# LISTED ENTRIES
(* Let $k$ and $s$ be integers with $1\leq s\leq k$, and let $G$ be a connected cograph on at least $k+s+2$ vertices that has no $k$-dense $(k+s+2)$-set. Then there exists a set $L$ of vertices of $G$ with $1\leq |L|\leq s$ such that every vertex of $L$ is adjacent to every vertex of $V(G)\setminus L$.
   Context: All graphs are finite and simple. For a graph $G$ and a nonnegative integer $k$, a $k$-sparse set is a set of vertices inducing a subgraph of maximum degree at most $k$; a $k$-dense $i$-set is a set of $i$ vertices of $G$ that is $k$-sparse in the complement of $G$. A cograph is a graph containing no induced path on four vertices (equivalently, the complement of every connected induced subgraph on at least two vertices is disconnected). *)

From mathcomp Require Import all_boot.
Set Implicit Arguments. Unset Strict Implicit. Unset Printing Implicit Defensive.

Definition simple_graph (T : finType) (e : rel T) : Prop :=
  symmetric e /\ irreflexive e.

Definition compl_rel (T : finType) (e : rel T) : rel T :=
  fun x y => (x != y) && ~~ e x y.

Definition sparse_set (T : finType) (e : rel T) (k : nat) (S : {set T}) : Prop :=
  forall x, x \in S -> #|[set y in S | e x y]| <= k.

Definition dense_iset (T : finType) (e : rel T) (k i : nat) (S : {set T}) : Prop :=
  #|S| = i /\ sparse_set (compl_rel e) k S.

Definition connected_graph (T : finType) (e : rel T) : Prop :=
  forall x y : T, connect e x y.

Definition cograph (T : finType) (e : rel T) : Prop :=
  ~ exists a b c d : T,
      [/\ uniq [:: a; b; c; d],
          [&& e a b, e b c & e c d] &
          [&& ~~ e a c, ~~ e b d & ~~ e a d]].

From mathcomp Require Import all_boot zify.
Set Implicit Arguments. Unset Strict Implicit. Unset Printing Implicit Defensive.

(* By Seinsche's theorem, a connected cograph on at least two vertices has a
   disconnected complement, so its vertices split into nonempty parts A and
   V \ A with every vertex of A adjacent to every vertex of V \ A.  If one part
   has at most s vertices, it is the required L.  Otherwise pick at most k + 1
   vertices in each part, k + s + 2 in total (possible since s <= k): in the
   complement no chosen vertex has a neighbour in the other part, so each has
   at most k neighbours among the chosen ones, which thus form a k-dense
   (k + s + 2)-set.
   Seinsche's theorem goes by induction: a split of S \ v extends to S, after
   complementing the graph if necessary, since the only obstruction would be
   an induced path on four vertices through v. *)

Lemma exists_subset_card (T : finType) (A : {set T}) n :
  n <= #|A| -> exists2 B : {set T}, B \subset A & #|B| = n.
Proof.
case/card_geqP=> s [s_uniq <- s_sub]; exists [set x in s].
  by apply/subsetP=> x; rewrite inE; apply: s_sub.
by rewrite cardsE (card_uniqP s_uniq).
Qed.

Section Relations.
Variable T : finType.
Implicit Types (r : rel T) (A B S : {set T}).

Definition anticomplete r A B :=
  forall a b, a \in A -> b \in B -> ~~ r a b.

Definition complete r A B :=
  forall a b, a \in A -> b \in B -> r a b.

(* The subgraph induced by S, or its complement, is disconnected. *)
Definition decomposable r S :=
  exists A : {set T}, [/\ A != set0, A \proper S &
    anticomplete r A (S :\: A) \/ complete r A (S :\: A)].

Lemma anticomplete_sym r A B : symmetric r -> anticomplete r A B -> anticomplete r B A.
Proof. by move=> r_sym AB b a bB aA; rewrite r_sym AB. Qed.

Lemma compl_rel_sym r : symmetric r -> symmetric (compl_rel r).
Proof. by move=> r_sym x y; rewrite /compl_rel eq_sym r_sym. Qed.

Lemma compl_rel_irr r : irreflexive (compl_rel r).
Proof. by move=> x; rewrite /compl_rel eqxx. Qed.

Lemma anticomplete_compl r A B : complete r A B -> anticomplete (compl_rel r) A B.
Proof. by move=> AB a b aA bB; rewrite /compl_rel AB // andbF. Qed.

Lemma decomposable_compl r S : decomposable (compl_rel r) S -> decomposable r S.
Proof.
move=> [A [A0 AS AB]]; exists A; split=> //.
case: AB => AB; [right | left] => a b aA bSA; have := AB a b aA bSA; rewrite /compl_rel.
  have -> : a != b by apply: contraTneq aA => ->; move: bSA; rewrite inE => /andP[].
  by rewrite negbK.
by case/andP.
Qed.

Lemma decomposable_pair r x y : x != y -> decomposable r [set x; y].
Proof.
move=> xy; exists [set x]; split.
- by apply/set0Pn; exists x; rewrite inE.
- by rewrite properEcard subsetUl cards1 cards2 xy.
have yE b : b \in [set x; y] :\: [set x] -> b = y.
  by rewrite !inE => /andP[/negPf-> /eqP].
by case: (boolP (r x y)) => rxy; [right | left] => a b /set1P-> /yE->.
Qed.

Lemma sparse_set_small r k S :
  irreflexive r -> #|S| <= k.+1 -> sparse_set r k S.
Proof.
move=> r_irr S_small x xS; rewrite -ltnS (leq_trans _ S_small) //.
rewrite (cardsD1 x S) xS add1n ltnS subset_leq_card //.
apply/subsetP=> y; rewrite !inE => /andP[-> rxy]; rewrite andbT.
by apply: contraTneq rxy => ->; rewrite r_irr.
Qed.

Lemma sparse_setU r k A B :
  symmetric r -> anticomplete r A B ->
  sparse_set r k A -> sparse_set r k B -> sparse_set r k (A :|: B).
Proof.
move=> r_sym AB spA spB x; rewrite inE => /orP[xA | xB].
- apply: leq_trans (spA x xA); apply/subset_leq_card/subsetP=> y.
  rewrite !inE => /andP[/orP[-> | yB] rxy] //.
  by move: (AB x y xA yB); rewrite rxy.
- apply: leq_trans (spB x xB); apply/subset_leq_card/subsetP=> y.
  rewrite !inE => /andP[/orP[yA | ->] rxy] //.
  by move: (AB y x yA xB); rewrite r_sym rxy.
Qed.

Lemma connected_not_anticomplete r A :
  symmetric r -> connected_graph r -> A != set0 -> A \proper [set: T] ->
  ~ anticomplete r A (~: A).
Proof.
move=> r_sym r_conn /set0Pn[x xA] /properP[_ [y _ yA]] AAc.
have A_closed : closed r A.
  move=> a b ab; case: (boolP (a \in A)) => aA; case: (boolP (b \in A)) => bA //.
    by have := AAc a b aA; rewrite inE bA ab => /(_ isT).
  by have := AAc b a bA; rewrite inE aA r_sym ab => /(_ isT).
by move: (closed_connect A_closed (r_conn x y)); rewrite xA (negbTE yA).
Qed.

Lemma cograph_P4 r :
  symmetric r -> irreflexive r -> cograph r ->
  forall a b c d, r a b -> r b c -> r c d -> [|| r a c, r b d | r a d].
Proof.
move=> r_sym r_irr r_cog a b c d ab bc cd.
apply/negPn/negP => /norP[ac /norP[bd ad]].
apply: r_cog; exists a, b, c, d; split; last by rewrite ac bd ad.
  have neq u w : r u w -> u != w by apply: contraTneq => ->; rewrite r_irr.
  rewrite /= !inE !negb_or (neq _ _ ab) (neq _ _ bc) (neq _ _ cd) /= !andbT -andbA.
  apply/and3P; split; first by apply: contraNneq ad => ->.
    by apply: contraNneq ac => ->; rewrite r_sym.
  by apply: contraNneq ad => <-.
by rewrite ab bc cd.
Qed.

Lemma cograph_compl r :
  symmetric r -> irreflexive r -> cograph r -> cograph (compl_rel r).
Proof.
move=> r_sym r_irr r_cog [a [b [c [d [abcd /and3P[ab bc cd] /and3P[ac bd ad]]]]]].
move: abcd; rewrite /= !inE !negb_or => /and4P[/and3P[_ a_c a_d] /andP[_ b_d] _ _].
move: ab bc cd ac bd ad; rewrite /compl_rel a_c a_d b_d /= !negbK.
move=> /andP[_ nab] /andP[_ nbc] /andP[_ ncd] rac rbd rad.
have := cograph_P4 r_sym r_irr r_cog rbd (etrans (r_sym d a) rad) rac.
by rewrite (r_sym b a) (r_sym d c) (negbTE nab) (negbTE ncd) (negbTE nbc).
Qed.

(* If [v] misses [w] in [A] but sees some [b0] in [B], the non-neighbours of
   [v] in [A] form the required part: an edge [x y] from such an [x] to a
   neighbour [y] of [v] in [A] would close the induced path [x y v b0]. *)
Lemma decomposable_nonneighbor r v w A B :
  symmetric r -> irreflexive r -> cograph r ->
  v \notin A -> v \notin B -> anticomplete r A B ->
  w \in A -> ~~ r v w -> B != set0 -> decomposable r (v |: (A :|: B)).
Proof.
move=> r_sym r_irr r_cog vA vB AB wA vw B0.
case: (boolP [exists b in B, r v b]) => [/exists_inP[b0 b0B vb0] | /exists_inPn vB'].
  exists [set x in A | ~~ r v x]; split.
  - by apply/set0Pn; exists w; rewrite inE wA.
  - apply/properP; split; last by exists v; rewrite !inE ?eqxx // (negbTE vA).
    by apply/subsetP=> x; rewrite !inE => /andP[-> _]; rewrite orbT.
  left=> x y; rewrite !inE => /andP[xA vx] /andP[yA' /or3P[/eqP-> | yA | yB]].
  - by rewrite r_sym.
  - apply/negP=> xy; have vy : r v y by move: yA'; rewrite yA negbK.
    have := cograph_P4 r_sym r_irr r_cog xy (etrans (r_sym y v) vy) vb0.
    by rewrite r_sym (negbTE vx) (negbTE (AB _ _ yA b0B)) (negbTE (AB _ _ xA b0B)).
  - exact: AB.
exists B; split=> //.
  apply/properP; split; last by exists v; rewrite ?inE ?eqxx.
  by apply/subsetP=> x xB; rewrite !inE xB !orbT.
left=> b x bB; rewrite !inE => /andP[xB' /or3P[/eqP-> | xA | xB]].
- by rewrite r_sym vB'.
- by rewrite r_sym AB.
- by rewrite xB in xB'.
Qed.

Lemma decomposable_add_vertex r S v A :
  symmetric r -> irreflexive r -> cograph r ->
  v \in S -> A != set0 -> A \proper S :\ v -> anticomplete r A ((S :\ v) :\: A) ->
  decomposable r S.
Proof.
move=> r_sym r_irr r_cog vS A0 AS; set B := (S :\ v) :\: A => AB.
have sAS := proper_sub AS; have /subsetD1P[_ vA] := sAS.
have SE : S = v |: (A :|: B) by rewrite /B -{1}(setIidPr sAS) setID setD1K.
have vB : v \notin B by rewrite /B !inE eqxx /= andbF.
have B0 : B != set0 by case/properP: AS => _ [b bS bA]; apply/set0Pn; exists b; rewrite /B inE bA.
case: (boolP [forall x in A :|: B, r v x]) => [/forall_inP vAB | /forall_inPn[w wAB vw]].
  exists [set v]; split; first by apply/set0Pn; exists v; rewrite inE.
    rewrite properEcard sub1set vS cards1 SE cardsU1 inE negb_or vA vB /=.
    by rewrite ltnS (leq_trans _ (subset_leq_card (subsetUl A B))) // card_gt0.
  by right=> x y /set1P-> /setD1P[yv]; rewrite SE in_setU1 (negbTE yv) => /vAB.
rewrite SE; case/setUP: wAB => [wA | wB].
  exact: decomposable_nonneighbor r_sym r_irr r_cog vA vB AB wA vw B0.
rewrite (setUC A B).
exact: decomposable_nonneighbor r_sym r_irr r_cog vB vA (anticomplete_sym r_sym AB) wB vw A0.
Qed.

Theorem cograph_decomposable r S :
  symmetric r -> irreflexive r -> cograph r -> 1 < #|S| -> decomposable r S.
Proof.
have [n] := ubnP #|S|; elim: n r S => // n IH r S; rewrite ltnS => Sn r_sym r_irr r_cog S_gt1.
case: (ltngtP #|S| 2) => [| S_gt2 | /eqP/cards2P[x [y [xy ->]]]]; first by rewrite ltnNge S_gt1.
  have [v vS] : exists v, v \in S by apply/set0Pn; rewrite -card_gt0 ltnW.
  have Sv_gt1 : 1 < #|S :\ v| by move: S_gt2; rewrite (cardsD1 v S) vS.
  have Svn : #|S :\ v| < n by move: Sn; rewrite (cardsD1 v S) vS.
  have [A [A0 AS [AB | AB]]] := IH r (S :\ v) Svn r_sym r_irr r_cog Sv_gt1.
    exact: decomposable_add_vertex r_sym r_irr r_cog vS A0 AS AB.
  apply: decomposable_compl.
  apply: decomposable_add_vertex (compl_rel_sym r_sym) (compl_rel_irr r)
    (cograph_compl r_sym r_irr r_cog) vS A0 AS _.
  exact: anticomplete_compl.
exact: decomposable_pair.
Qed.

Lemma dense_iset_of_join e k s A :
  symmetric e -> s <= k -> complete e A (~: A) ->
  s < #|A| -> s < #|~: A| -> k + s + 2 <= #|T| ->
  exists S : {set T}, dense_iset e k (k + s + 2) S.
Proof.
move=> e_sym s_le_k AAc A_gt Ac_gt T_ge.
have [S1 S1A S1_card] := exists_subset_card (geq_minl #|A| k.+1).
have S2_le : k + s + 2 - minn #|A| k.+1 <= #|~: A|.
  by move: T_ge; rewrite -(cardsC A); lia.
have [S2 S2Ac S2_card] := exists_subset_card S2_le.
have S12 : anticomplete (compl_rel e) S1 S2.
  by move=> a b /(subsetP S1A) aA /(subsetP S2Ac) bAc; apply: anticomplete_compl AAc a b aA bAc.
exists (S1 :|: S2); split.
  rewrite cardsU S1_card S2_card.
  have /eqP-> : S1 :&: S2 == set0.
    rewrite setI_eq0 disjoints_subset; apply: subset_trans S1A _.
    by rewrite -disjoints_subset disjoint_sym disjoints_subset.
  by rewrite cards0; lia.
apply: (sparse_setU (compl_rel_sym e_sym) S12); apply: (sparse_set_small (compl_rel_irr e));
  rewrite ?S1_card ?S2_card; lia.
Qed.

End Relations.

Theorem lemma7p1 (T : finType) (e : rel T) (k s : nat) :
  simple_graph e ->
  1 <= s <= k ->
  connected_graph e ->
  cograph e ->
  k + s + 2 <= #|T| ->
  ~ (exists S : {set T}, dense_iset e k (k + s + 2) S) ->
  exists L : {set T},
    1 <= #|L| <= s /\
    (forall x y, x \in L -> y \in ~: L -> e x y).
Proof.
move=> [e_sym e_irr] /andP[_ s_le_k] e_conn e_cog T_ge no_dense.
have [|A [A0 AT]] := cograph_decomposable (S := [set: T]) e_sym e_irr e_cog.
  by rewrite cardsT; lia.
rewrite setTD => -[AAc | AAc]; first by case: (connected_not_anticomplete e_sym e_conn A0 AT).
have AcA : complete e (~: A) (~: ~: A) by rewrite setCK => x y xAc yA; rewrite e_sym AAc.
have Ac0 : ~: A != set0 by case/properP: AT => _ [y _ yA]; apply/set0Pn; exists y; rewrite inE.
case: (leqP #|A| s) => [A_le | A_gt].
  by exists A; split; [rewrite A_le andbT card_gt0 | exact: AAc].
case: (leqP #|~: A| s) => [Ac_le | Ac_gt].
  by exists (~: A); split; [rewrite Ac_le andbT card_gt0 | exact: AcA].
by case: no_dense; apply: dense_iset_of_join e_sym s_le_k AAc A_gt Ac_gt T_ge.
Qed.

# PROBLEM TO WORK ON
The lines above, starting at the one with "by move: (closed_connect" and ending at the one with "[v] in [A] form", are the only ones to return, exactly as written.

# RESPONSE AREA
by move: (closed_connect A_closed (r_conn x y)); rewrite xA (negbTE yA).
Qed.

Lemma cograph_P4 r :
  symmetric r -> irreflexive r -> cograph r ->
  forall a b c d, r a b -> r b c -> r c d -> [|| r a c, r b d | r a d].
Proof.
move=> r_sym r_irr r_cog a b c d ab bc cd.
apply/negPn/negP => /norP[ac /norP[bd ad]].
apply: r_cog; exists a, b, c, d; split; last by rewrite ac bd ad.
  have neq u w : r u w -> u != w by apply: contraTneq => ->; rewrite r_irr.
  rewrite /= !inE !negb_or (neq _ _ ab) (neq _ _ bc) (neq _ _ cd) /= !andbT -andbA.
  apply/and3P; split; first by apply: contraNneq ad => ->.
    by apply: contraNneq ac => ->; rewrite r_sym.
  by apply: contraNneq ad => <-.
by rewrite ab bc cd.
Qed.

Lemma cograph_compl r :
  symmetric r -> irreflexive r -> cograph r -> cograph (compl_rel r).
Proof.
move=> r_sym r_irr r_cog [a [b [c [d [abcd /and3P[ab bc cd] /and3P[ac bd ad]]]]]].
move: abcd; rewrite /= !inE !negb_or => /and4P[/and3P[_ a_c a_d] /andP[_ b_d] _ _].
move: ab bc cd ac bd ad; rewrite /compl_rel a_c a_d b_d /= !negbK.
move=> /andP[_ nab] /andP[_ nbc] /andP[_ ncd] rac rbd rad.
have := cograph_P4 r_sym r_irr r_cog rbd (etrans (r_sym d a) rad) rac.
by rewrite (r_sym b a) (r_sym d c) (negbTE nab) (negbTE ncd) (negbTE nbc).
Qed.

(* If [v] misses [w] in [A] but sees some [b0] in [B], the non-neighbours of
   [v] in [A] form the required part: an edge [x y] from such an [x] to a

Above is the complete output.